◆ PROVIDED DATA:
(* Let $G=(V,E)$ be a connected bipartite graph with at least two edges and with vertex bipartition $V=X\cup Y$ (i.e. $X,Y$ independent sets partitioning $V$), and suppose $G$ is not a star $K_{1,m}$ whose center lies in $Y$. Then $G$ has a subgraph $H$ such that every vertex $y\in Y$ satisfies $d_H(y)\ge 1$, and every connected component of $H$ is either a star $K_{1,m}$ with $m\ge2$ whose center lies in $X$, or a subdivided star obtained from $K_{1,m}$ with $m\ge 2$ by subdividing each edge exactly once, whose center (the vertex of degree $m$) lies in $Y$.
   Context: A star $K_{1,m}$ has center its vertex of degree $m$. A subdivided star arises from a star by replacing every edge with a path of length $2$; its center is the center of the original star. *)

(* Simple graphs as symmetric irreflexive relations on a finType. *)
From mathcomp Require Import all_boot.
Set Implicit Arguments. Unset Strict Implicit. Unset Printing Implicit Defensive.

Section Graphs.
Variable T : finType.

Definition connected_graph (e : rel T) : Prop := forall x y : T, connect e x y.

Definition bipartition (e : rel T) (X Y : {set T}) : Prop :=
  [/\ X :&: Y = set0, X :|: Y = setT,
      (forall x y, x \in X -> y \in X -> ~~ e x y) &
      (forall x y, x \in Y -> y \in Y -> ~~ e x y)].

Definition at_least_two_edges (e : rel T) : Prop :=
  exists a b c d : T, [/\ e a b, e c d & [set a; b] != [set c; d]].

Definition graph_is_star_centered (e : rel T) (c : T) : Prop :=
  forall x y : T, e x y = ((x == c) != (y == c)).

Definition subgraph (e : rel T) (S : {set T}) (h : rel T) : Prop :=
  [/\ symmetric h,
      (forall x y, h x y -> e x y) &
      (forall x y, h x y -> x \in S /\ y \in S)].

Definition component (h : rel T) (x : T) : {set T} := [set y | connect h x y].

Definition comp_is_star (h : rel T) (C : {set T}) (c : T) : Prop :=
  exists m (f : 'I_m -> T),
    [/\ 2 <= m, injective f, c \notin codom f,
        C = c |: [set f i | i : 'I_m] &
        forall x y, x \in C -> y \in C ->
          (h x y <-> exists i, (x = c /\ y = f i) \/ (x = f i /\ y = c))].

(* H restricted to C is a subdivided star (K_{1,m}, m >= 2, each edge
   subdivided once) with center c: edges c - a i and a i - b i *)
Definition comp_is_subdivided_star (h : rel T) (C : {set T}) (c : T) : Prop :=
  exists m (a b : 'I_m -> T),
    2 <= m /\ injective a /\ injective b /\
    c \notin codom a /\ c \notin codom b /\
    [disjoint codom a & codom b] /\
    C = c |: ([set a i | i : 'I_m] :|: [set b i | i : 'I_m]) /\
    (forall x y, x \in C -> y \in C ->
       (h x y <-> exists i,
          (x = c /\ y = a i) \/ (x = a i /\ y = c) \/
          (x = a i /\ y = b i) \/ (x = b i /\ y = a i))).

End Graphs.

From mathcomp Require Import all_boot zify.
Set Implicit Arguments. Unset Strict Implicit. Unset Printing Implicit Defensive.

(* For every y in Y choose a neighbour f y, maximising first the number of y
   such that f y has a second neighbour in Y, then the number of y whose class
   f^-1 (f y) is not a singleton.  As G is connected and not a star centred in
   Y, every y has another vertex of Y at distance two, and exchange arguments
   against optimality show: every f y has a second Y-neighbour; if y is alone
   in its class, every other Y-neighbour z of f y lies in a class {z, p} of
   size exactly two; and no two lonely vertices attach to both z and p.
   The non-singleton classes without an attachment point then form stars
   centred at f y in X, and each attachment point z carries the subdivided
   star made of z - f z - p and of z - f y - y for the lonely y attached to z. *)

Lemma imset_enum_val (T : finType) (A : {set T}) :
  [set enum_val i | i : 'I_#|A|] = A.
Proof.
apply/setP=> v; apply/imsetP/idP => [[i _ ->]|Av]; first exact: enum_valP.
by exists (enum_rank_in Av v); rewrite ?enum_rankK_in.
Qed.

Section DepthTwoForest.
Variables (T : finType) (par : T -> option T).
Hypothesis par_depth : forall u v w, par u = Some v -> par v = Some w -> par w = None.

Definition parent_rel : rel T := fun u v => (par u == Some v) || (par v == Some u).

Definition proot v :=
  if par v is Some w then (if par w is Some w' then w' else w) else v.

Lemma parent_rel_sym : symmetric parent_rel.
Proof. by move=> u v; rewrite /parent_rel orbC. Qed.

Lemma proot_par u v : par u = Some v -> proot u = proot v.
Proof.
by move=> uv; rewrite /proot uv; case vw: (par v) => [w|] //; rewrite (par_depth uv vw).
Qed.

Lemma proot_None u : par (proot u) = None.
Proof.
rewrite /proot; case uv: (par u) => [v|] //.
by case vw: (par v) => [w|] //; apply: par_depth uv vw.
Qed.

Lemma connect_proot u : connect parent_rel u (proot u).
Proof.
rewrite /proot; case uv: (par u) => [v|] //.
have huv : parent_rel u v by rewrite /parent_rel uv eqxx.
case vw: (par v) => [w|]; last exact: connect1.
by apply: connect_trans (connect1 huv) (connect1 _); rewrite /parent_rel vw eqxx.
Qed.

Lemma connect_parentE u v : connect parent_rel u v = (proot u == proot v).
Proof.
apply/idP/eqP => [/connectP[p]|uv].
  elim: p u => [|w p IHp] u /=; first by move=> _ ->.
  by case/andP=> /orP[]/eqP/proot_par uw /IHp; rewrite uw.
apply: connect_trans (connect_proot u) _; rewrite uv.
by rewrite (sym_connect_sym parent_rel_sym) connect_proot.
Qed.

Lemma proot_eqE v r : par r = None ->
  (proot v == r) =
  [|| v == r, par v == Some r | [exists w, (par w == Some r) && (par v == Some w)]].
Proof.
move=> r0; rewrite /proot; case vw: (par v) => [w|] /=; last first.
  by case: existsP => [[w /andP[_ /eqP]]|]; rewrite ?orbF.
have -> : (v == r) = false by apply/eqP=> vr; rewrite vr r0 in vw.
case wr: (par w) => [w'|] /=.
  have -> : (Some w == Some r) = false by apply/eqP=> -[wr']; rewrite wr' r0 in wr.
  apply/eqP/existsP => [<-|[w0 /andP[/eqP w0r /eqP[w0w]]]].
    by exists w; rewrite wr !eqxx.
  by rewrite -w0w wr in w0r; case: w0r.
case: existsP => [[w0 /andP[/eqP w0r /eqP[w0w]]]|_]; last by rewrite orbF.
by rewrite -w0w wr in w0r.
Qed.

Lemma component_proot u : component parent_rel u =
  proot u |: ([set v | par v == Some (proot u)] :|:
              [set v | [exists w, (par w == Some (proot u)) && (par v == Some w)]]).
Proof. by apply/setP=> v; rewrite !inE connect_parentE eq_sym proot_eqE ?proot_None. Qed.

Lemma comp_is_star_proot u :
  (forall v w, par v = Some w -> par w != Some (proot u)) ->
  1 < #|[set v | par v == Some (proot u)]| ->
  comp_is_star parent_rel (component parent_rel u) (proot u).
Proof.
set r := proot u; set A := [set v | par v == Some r] => no_grandchild A_gt1.
have r0 : par r = None by apply: proot_None.
have CE : component parent_rel u = r |: A.
  rewrite component_proot; congr (_ |: _); apply/setP => v; rewrite !inE.
  case: existsP => [[w /andP[/eqP wr /eqP vw]]|]; last by rewrite orbF.
  by have := no_grandchild _ _ vw; rewrite wr eqxx.
have childP x y : (x == r) || (par x == Some r) -> par x == Some y ->
    exists i : 'I_#|A|, x = enum_val i /\ y = r.
  case/orP=> [/eqP->|/eqP xr]; first by rewrite r0.
  rewrite xr => /eqP[<-]; have xA : x \in A by rewrite inE xr.
  by exists (enum_rank_in xA x); rewrite enum_rankK_in.
exists #|A|, (@enum_val _ (pred_of_set A)); split => //.
- exact: enum_val_inj.
- by apply/codomP => -[i ri]; have := enum_valP i; rewrite inE -ri r0.
- by rewrite CE imset_enum_val.
move=> x y; rewrite CE !inE => Cx Cy; split.
  case/orP=> [/(childP _ _ Cx)|/(childP _ _ Cy)] [i [-> ->]]; exists i; tauto.
by case=> i [[-> ->]|[-> ->]]; have := enum_valP i; rewrite /parent_rel inE => ->; rewrite ?orbT.
Qed.
(* The category $\mathbf{STDMT}$ of spatial $T_D$-algebras and MT-morphisms is a full reflective subcategory of the category $\mathbf{MT_D}$ of MT-algebras and D-morphisms. For each MT-algebra $M$, the reflection is the D-morphism $\chi_M:M\to\mathcal P\,\mathrm{at}_D M$, $\chi_M(a)=\{x\in\mathrm{at}_D M: x\le a\}$: for every D-morphism $f:M\to N$ with $N$ a spatial $T_D$-algebra there is a unique MT-morphism $\widehat f:\mathcal P\,\mathrm{at}_DM\to N$ with $\widehat f\circ\chi_M=f$ (namely $\widehat f(S)=\bigvee\{f(x):x\in S\}$).
   Context: An MT-algebra is a pair $(M,\square)$ where $M$ is a complete boolean algebra and $\square:M\to M$ satisfies $\square 1=1$, $\square(a\wedge b)=\square a\wedge\square b$, $\square a\le a$, $\square a\le\square\square a$; $\Diamond a=\neg\square\neg a$; open: $\square a=a$; locally closed: $a=\square b\wedge\Diamond c$; $\mathcal O M$ the set of open elements. $M$ is a $T_D$-algebra if every element is a join of locally closed elements. $\mathrm{at}\,M$ is the set of atoms with topology $\{\eta_M(u):u\in\mathcal OM\}$, $\eta_M(a)=\{x\in\mathrm{at}\,M:x\le a\}$; $M$ is spatial if $\eta_M:M\to\mathcal P(\mathrm{at}\,M)$ is injective. $\mathrm{at}_DM$ is the subspace of locally closed atoms; $\mathcal P\,\mathrm{at}_DM$ is its powerset MT-algebra (interior = topological interior in $\mathrm{at}_DM$; its opens are exactly $\chi_M[\mathcal O M]$). An MT-morphism is a complete boolean homomorphism $h$ with $h(\square a)\le\square h(a)$; its left adjoint is $h^*(b)=\bigwedge\{a:b\le h(a)\}$; $h$ is a D-morphism if $h^*$ maps locally closed atoms to locally closed atoms. *)

Record MTAlg : Type := MkMTAlg {
  car : Type;
  le  : car -> car -> Prop;
  sup : (car -> Prop) -> car;
  inf : (car -> Prop) -> car;
  neg : car -> car;
  box : car -> car
}.

Section Ops.
Variable M : MTAlg.
Definition bot : car M := sup M (fun _ => False).
Definition top : car M := inf M (fun _ => False).
Definition join (a b : car M) : car M := sup M (fun x => x = a \/ x = b).
Definition meet (a b : car M) : car M := inf M (fun x => x = a \/ x = b).
Definition dia (a : car M) : car M := neg M (box M (neg M a)).
Definition is_open (a : car M) : Prop := box M a = a.
Definition locally_closed (a : car M) : Prop :=
  exists b c, a = meet (box M b) (dia c).
Definition is_atom (x : car M) : Prop :=
  x <> bot /\ forall y, le M y x -> y = bot \/ y = x.

(** Axioms: complete boolean algebra + interior operator (S4). *)
Definition is_MT : Prop :=
  (forall a, le M a a) /\
  (forall a b c, le M a b -> le M b c -> le M a c) /\
  (forall a b, le M a b -> le M b a -> a = b) /\
  (forall (P : car M -> Prop) x, P x -> le M x (sup M P)) /\
  (forall (P : car M -> Prop) b, (forall x, P x -> le M x b) -> le M (sup M P) b) /\
  (forall (P : car M -> Prop) x, P x -> le M (inf M P) x) /\
  (forall (P : car M -> Prop) b, (forall x, P x -> le M b x) -> le M b (inf M P)) /\
  (forall a b c, meet a (join b c) = join (meet a b) (meet a c)) /\
  (forall a, meet a (neg M a) = bot) /\
  (forall a, join a (neg M a) = top) /\
  box M top = top /\
  (forall a b, box M (meet a b) = meet (box M a) (box M b)) /\
  (forall a, le M (box M a) a) /\
  (forall a, le M (box M a) (box M (box M a))).

Definition TD : Prop :=
  forall a, exists S : car M -> Prop,
    (forall x, S x -> locally_closed x) /\ a = sup M S.

Definition spatial : Prop :=
  forall a b, (forall x, is_atom x -> (le M x a <-> le M x b)) -> a = b.
End Ops.

Definition image {M N : MTAlg} (h : car M -> car N) (P : car M -> Prop)
  : car N -> Prop := fun y => exists x, P x /\ y = h x.

Definition MT_morphism {M N : MTAlg} (h : car M -> car N) : Prop :=
  (forall P, h (sup M P) = sup N (image h P)) /\
  (forall P, h (inf M P) = inf N (image h P)) /\
  (forall a, h (neg M a) = neg N (h a)) /\
  (forall a, le N (h (box M a)) (box N (h a))).

Definition ladj {M N : MTAlg} (h : car M -> car N) (b : car N) : car M :=
  inf M (fun a => le N b (h a)).

Definition D_morphism {M N : MTAlg} (h : car M -> car N) : Prop :=
  MT_morphism h /\
  forall x : car N, is_atom N x -> locally_closed N x ->
    is_atom M (ladj h x) /\ locally_closed M (ladj h x).

Definition atD (M : MTAlg) : Type :=
  { x : car M | is_atom M x /\ locally_closed M x }.

(** Open subsets of the space at_D M: the sets chi_M(u), u open in M. *)
Definition atD_open {M : MTAlg} (U : atD M -> Prop) : Prop :=
  exists u, is_open M u /\ forall y : atD M, U y <-> le M (proj1_sig y) u.

(** The powerset MT-algebra P at_D M, interior = topological interior. *)
Definition PatD (M : MTAlg) : MTAlg := {|
  car := atD M -> Prop;
  le  := fun S T => forall x, S x -> T x;
  sup := fun F x => exists S, F S /\ S x;
  inf := fun F x => forall S, F S -> S x;
  neg := fun S x => ~ S x;
  box := fun S x => exists U, atD_open U /\ (forall y, U y -> S y) /\ U x
|}.

Definition chi (M : MTAlg) (a : car M) : car (PatD M) :=
  fun y : atD M => le M (proj1_sig y) a.

(* For any MT-morphism h the left adjoint h^* sends atoms to atoms, and in a
   T_D-algebra every atom is locally closed; this gives fullness.

   In a complete boolean algebra every atom is completely join-prime, and in
   a spatial algebra N an element is determined by the atoms below it.  For a
   D-morphism f : M -> N and an atom z of N (locally closed, N being T_D), the
   left adjoint f^*(z) is a locally closed atom of M, and z <= f(a) holds iff
   f^*(z) <= a.  Hence z lies below fhat(S) = \/{f x : x in S} iff f^*(z) is in
   S, which turns every identity required of fhat into an identity of subsets
   of at_D M.  Uniqueness holds because every S is the join of the singletons
   chi(x), x in S. *)

From Stdlib Require Import Classical FunctionalExtensionality PropExtensionality ProofIrrelevance.

Lemma pred_ext {T : Type} (P Q : T -> Prop) : (forall x, P x <-> Q x) -> P = Q.
Proof.
  intros hPQ; apply functional_extensionality; intros x.
  apply propositional_extensionality, hPQ.
Qed.

Section MTAlgebra.
Context {M : MTAlg} (HM : is_MT M).

Local Ltac mt_axiom := let H := fresh in pose proof HM as H; unfold is_MT in H; decompose [and] H; eauto.

Lemma le_refl a : le M a a.
Proof. mt_axiom. Qed.
Lemma le_trans a b c : le M a b -> le M b c -> le M a c.
Proof. mt_axiom. Qed.
Lemma le_antisym a b : le M a b -> le M b a -> a = b.
Proof. mt_axiom. Qed.
Lemma le_sup (P : car M -> Prop) x : P x -> le M x (sup M P).
Proof. mt_axiom. Qed.
Lemma sup_le (P : car M -> Prop) b : (forall x, P x -> le M x b) -> le M (sup M P) b.
Proof. mt_axiom. Qed.
Lemma inf_le (P : car M -> Prop) x : P x -> le M (inf M P) x.
Proof. mt_axiom. Qed.
Lemma le_inf (P : car M -> Prop) b : (forall x, P x -> le M b x) -> le M b (inf M P).
Proof. mt_axiom. Qed.
Lemma meet_joinDr a b c : meet M a (join M b c) = join M (meet M a b) (meet M a c).
Proof. mt_axiom. Qed.
Lemma meet_negr a : meet M a (neg M a) = bot M.
Proof. mt_axiom. Qed.
Lemma join_negr a : join M a (neg M a) = top M.
Proof. mt_axiom. Qed.
Lemma box_top : box M (top M) = top M.
Proof. mt_axiom. Qed.
Lemma box_meet a b : box M (meet M a b) = meet M (box M a) (box M b).
Proof. mt_axiom. Qed.
Lemma box_le a : le M (box M a) a.
Proof. mt_axiom. Qed.
Lemma box_le_box_box a : le M (box M a) (box M (box M a)).
Proof. mt_axiom. Qed.

Lemma bot_le a : le M (bot M) a.
Proof. apply sup_le; intros _ []. Qed.
Lemma le_top a : le M a (top M).
Proof. apply le_inf; intros _ []. Qed.
Lemma le_bot_eq a : le M a (bot M) -> a = bot M.
Proof. intros; apply le_antisym; auto using bot_le. Qed.

Lemma meet_lel a b : le M (meet M a b) a.
Proof. apply inf_le; auto. Qed.
Lemma meet_ler a b : le M (meet M a b) b.
Proof. apply inf_le; auto. Qed.
Lemma le_meet a b c : le M c a -> le M c b -> le M c (meet M a b).
Proof. intros; apply le_inf; intros x [-> | ->]; auto. Qed.
Lemma join_le a b c : le M a c -> le M b c -> le M (join M a b) c.
Proof. intros; apply sup_le; intros x [-> | ->]; auto. Qed.
Lemma meetC a b : meet M a b = meet M b a.
Proof. apply le_antisym; apply le_meet; auto using meet_lel, meet_ler. Qed.
Lemma meet_top a : meet M a (top M) = a.
Proof. apply le_antisym; auto using meet_lel, le_meet, le_refl, le_top. Qed.
Lemma le_meet_eq a b : le M a b -> meet M a b = a.
Proof. intros; apply le_antisym; auto using meet_lel, le_meet, le_refl. Qed.

Lemma le_neg_of_meet_eq_bot a b : meet M a b = bot M -> le M b (neg M a).
Proof.
  intros Eab.
  apply le_trans with (join M (meet M b a) (meet M b (neg M a))).
  - rewrite <- meet_joinDr, join_negr, meet_top; apply le_refl.
  - apply join_le; [rewrite meetC, Eab; apply bot_le | apply meet_ler].
Qed.

Lemma le_neg_eq_bot a c : le M c a -> le M c (neg M a) -> c = bot M.
Proof. intros; apply le_bot_eq; rewrite <- (meet_negr a); apply le_meet; auto. Qed.

Lemma negK a : neg M (neg M a) = a.
Proof.
  apply le_antisym.
  - apply le_trans with (join M (meet M (neg M (neg M a)) a)
                                 (meet M (neg M (neg M a)) (neg M a))).
    + rewrite <- meet_joinDr, join_negr, meet_top; apply le_refl.
    + apply join_le; [apply meet_ler|].
      rewrite meetC, meet_negr; apply bot_le.
  - apply le_neg_of_meet_eq_bot; rewrite meetC; apply meet_negr.
Qed.
Lemma diag_lattice0_comb e x : basis_of fullv e ->
  diag_lattice e (fun=> 0) x <->
  exists c, (forall i, R (c i)) /\ x = \sum_i c i *: tnth e i.
Proof.
move=> e_basis; have combE c : \sum_i c i *: tnth e i = \sum_i c i *: e`_i.
  by apply: eq_bigr => i _; rewrite (tnth_nth 0).
split=> [W0x | [c [Rc ->]] i].
  exists (coord e ^~ x); split; last by rewrite combE; apply: coord_basis (memvf x).
  by move=> i; have := W0x i; rewrite expr0z mul1r.
by rewrite combE coord_sum_free ?expr0z ?mul1r //; apply: basis_free e_basis.
Qed.

Lemma latticeE (S : V -> Prop) : lattice R S <->
  exists2 e : n.-tuple V, basis_of fullv e & forall x, S x <-> diag_lattice e (fun=> 0) x.
Proof.
split=> [[e [e_basis Se]] | [e e_basis Se]].
  by exists e => // x; rewrite Se (diag_lattice0_comb x e_basis).
by exists e; split=> // x; rewrite Se (diag_lattice0_comb x e_basis).
Qed.

Lemma diag_lattice_unimodular e A A' x : basis_of fullv e -> unimodular A A' ->
  diag_lattice (change_basis A e) (fun=> 0) x <-> diag_lattice e (fun=> 0) x.
Proof.
move=> e_basis [RA RA' AA']; rewrite !diag_lattice0E (rVof_change_basis e_basis AA').
split=> [Rx | Rx]; first exact: Rmx_mul.
by rewrite -[rVof _ x]mulmx1 -AA' mulmxA; apply: Rmx_mul.
Qed.

Lemma diag_lattice_is_lattice e k : basis_of fullv e -> lattice R (diag_lattice e k).
Proof.
move=> e_basis; set A := diag_mx (\row_i pi ^ (- k i)).
have AA' : A *m diag_mx (\row_i pi ^ k i) = 1%:M.
  rewrite mulmx_diag -diag_const_mx; congr diag_mx; apply/rowP => i.
  by rewrite !mxE -expzD_pi addNr expr0z.
apply/latticeE; exists (change_basis A e) => [|x]; first exact: change_basis_basis AA'.
have coordE i : pi ^ k i * coord e i x = coord (change_basis A e) i x.
  rewrite !coord_rVof (rVof_change_basis e_basis AA') mul_mx_diag !mxE.
  by rewrite mulrCA -expzD_pi subrr expr0z mulr1.
by split=> Wx i; have := Wx i; rewrite expr0z mul1r coordE.
Qed.

Lemma scale_set_diag_lattice (S : V -> Prop) e k (a : int) y :
  (forall x, S x <-> diag_lattice e k x) ->
  scale_set (pi ^ a) S y <-> diag_lattice e (fun i => k i - a) y.
Proof. by move=> SW; rewrite -diag_lattice_scale; split=> -[z [/SW Sz ->]]; exists z. Qed.

Lemma diag_lattice_basis_vector e k i a : basis_of fullv e ->
  diag_lattice e k (a *: e`_i) <-> R (pi ^ k i * a).
Proof.
move=> e_basis; have coord_ei j : coord e j (a *: e`_i) = a * (i == j)%:R.
  by rewrite linearZ /= coord_free //; apply: basis_free e_basis.
split=> [/(_ i) | Ra j]; first by rewrite coord_ei eqxx mulr1.
by rewrite coord_ei; case: eqVneq => [<-|_]; rewrite ?mulr1 // mulr0 mulr0; apply: dvr0.
Qed.

Section DiagonalPair.
Variables (e : n.-tuple V) (m : 'I_n -> int) (L M : V -> Prop).
Hypotheses (e_basis : basis_of fullv e)
  (Le : forall x, L x <-> diag_lattice e (fun=> 0) x)
  (Me : forall x, M x <-> diag_lattice e m x).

◆ WORK TO BE COMPLETED: Across the material above, how many lines have the word "ladj" in them? Answer with a bare number.

◆ RESULT: 2